Pull out of the data below the stretch of lines bounded by the one containing "sum_j N e_j." and the one containing "only a little.", both bounds included, unchanged.

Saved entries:
---

(* Let $\|\cdot\|_{F_n}$ ($n\ge1$) and $\|\cdot\|_F$ be $F$-norms on $\mathbb{R}^{d+1}$. Then $\|\mathbf{x}\|_{F_n}\to\|\mathbf{x}\|_F$ for every $\mathbf{x}\in\mathbb{R}^{d+1}$ if and only if $d_{H,\|\cdot\|}(S^+_{\|\cdot\|_{F_n}},S^+_{\|\cdot\|_F})\to0$, where $\|\cdot\|$ is any norm on $\mathbb{R}^{d+1}$.
   Context: Condition $(\mathcal{H})$ on $\mathbf{X}=(X_1,\dots,X_d)$: each $X_i$ is a.s. nonnegative with $0<E(X_i)<\infty$. For such $\mathbf{X}$ with distribution function $F$, $\|\mathbf{x}\|_F=E(\max(|x_0|,|x_1|X_1,\dots,|x_d|X_d))$; an $F$-norm is a norm on $\mathbb{R}^{d+1}$ of this form. For an $F$-norm, $S^+_{\|\cdot\|_F}:=\{\mathbf{x}\in[0,\infty)^{d+1}:\|\mathbf{x}\|_F=1\}$. For a norm $\|\cdot\|$ on $\mathbb{R}^{d+1}$ and sets $A,B\subset\mathbb{R}^{d+1}$, $d_{H,\|\cdot\|}(A,B)=\max\{\sup_{\mathbf{y}\in B}\inf_{\mathbf{x}\in A}\|\mathbf{x}-\mathbf{y}\|,\sup_{\mathbf{x}\in A}\inf_{\mathbf{y}\in B}\|\mathbf{x}-\mathbf{y}\|\}$. *)

From HB Require Import structures.
From mathcomp Require Import all_boot all_order all_algebra.
From mathcomp Require Import all_classical all_reals all_analysis.
Set Implicit Arguments. Unset Strict Implicit. Unset Printing Implicit Defensive.
Import Order.TTheory GRing.Theory Num.Theory.
Import numFieldNormedType.Exports.
Local Open Scope classical_set_scope.
Local Open Scope ring_scope.

(* Vectors of R^{d+1} are row vectors 'rV[R]_(d.+1); coordinate x_0 is
   x ord0 ord0 and coordinate x_{i+1} (i < d) is x ord0 (lift ord0 i). *)

Section Defs.
Context {R : realType} {dd : nat}.

(* Condition (H) on X = (X_1,...,X_d) (X i stands for X_{i+1}):
   each X_i is a random variable, a.s. nonnegative, with 0 < E X_i < oo. *)
Definition condH {dT : measure_display} {T : measurableType dT}
  (P : probability T R) (X : 'I_dd -> T -> R) : Prop :=
  forall i, [/\ measurable_fun setT (X i),
                {ae P, forall w, 0 <= X i w},
                P.-integrable setT (EFin \o X i)
              & (0 < 'E_P[X i])%E].

Definition Fnorm_of {dT : measure_display} {T : measurableType dT}
  (P : probability T R) (X : 'I_dd -> T -> R) (x : 'rV[R]_(dd.+1)) : \bar R :=
  'E_P[fun w => \big[Num.max/`|x ord0 ord0|]_(i < dd)
                   (`|x ord0 (lift ord0 i)| * X i w)].

Definition is_Fnorm (N : 'rV[R]_(dd.+1) -> R) : Prop :=
  exists (dT : measure_display) (T : measurableType dT)
         (P : probability T R) (X : 'I_dd -> T -> R),
    condH P X /\ forall x, (N x)%:E = Fnorm_of P X x.

Definition is_norm (nu : 'rV[R]_(dd.+1) -> R) : Prop :=
  [/\ forall x y, nu (x + y) <= nu x + nu y,
      forall (a : R) x, nu (a *: x) = `|a| * nu x
    & forall x, nu x = 0 -> x = 0].

Definition Splus (N : 'rV[R]_(dd.+1) -> R) : set 'rV[R]_(dd.+1) :=
  [set x : 'rV[R]_(dd.+1) | (forall i, 0 <= x ord0 i) /\ N x = 1].

Definition hausdorff (nu : 'rV[R]_(dd.+1) -> R) (A B : set 'rV[R]_(dd.+1))
  : \bar R :=
  maxe (ereal_sup [set ereal_inf [set (nu (x - y))%:E | x in A] | y in B])
       (ereal_sup [set ereal_inf [set (nu (x - y))%:E | y in B] | x in A]).

End Defs.

(* An F-norm N is a monotone norm: |x_j| <= |y_j| for every j implies
   N x <= N y.  Hence N x = N |x|, every point of S^+_N has norm at most
   sum_j 1 / N e_j, and |x| = N x *: y with y = |x| / N x in S^+_N, so N is
   determined by S^+_N.  Every seminorm N is Lipschitz with constant
   sum_j N e_j.
   If F_n -> F pointwise, these constants are eventually bounded, so the
   convergence is uniform on bounded sets: a point of one sphere has norm close
   to 1 for the other F-norm, and rescaling it onto the other sphere moves it
   only a little.  Conversely, if the spheres converge, approximating
   e_j / F e_j by points of S^+_{F_n} gives F_n e_j <= 2 F e_j, and for y in
   S^+_F and a nearby z in S^+_{F_n}, |F_n y - 1| = |F_n y - F_n z| -> 0, so
   F_n x -> F x by homogeneity.  All norms on R^{d+1} being equivalent, the
   choice of the norm measuring the Hausdorff distance does not matter. *)

From HB Require Import structures.
From mathcomp Require Import all_boot all_order all_algebra.
From mathcomp Require Import all_classical all_reals all_analysis.
From mathcomp Require Import measurable_realfun finmap ring lra.
Import Order.TTheory GRing.Theory Num.Theory.
Import numFieldNormedType.Exports.
Local Open Scope classical_set_scope.
Local Open Scope ring_scope.
Set Implicit Arguments. Unset Strict Implicit.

---

Answer for this exercise:
   sum_j N e_j.
   If F_n -> F pointwise, these constants are eventually bounded, so the
   convergence is uniform on bounded sets: a point of one sphere has norm close
   to 1 for the other F-norm, and rescaling it onto the other sphere moves it
   only a little.  Conversely, if the spheres converge, approximating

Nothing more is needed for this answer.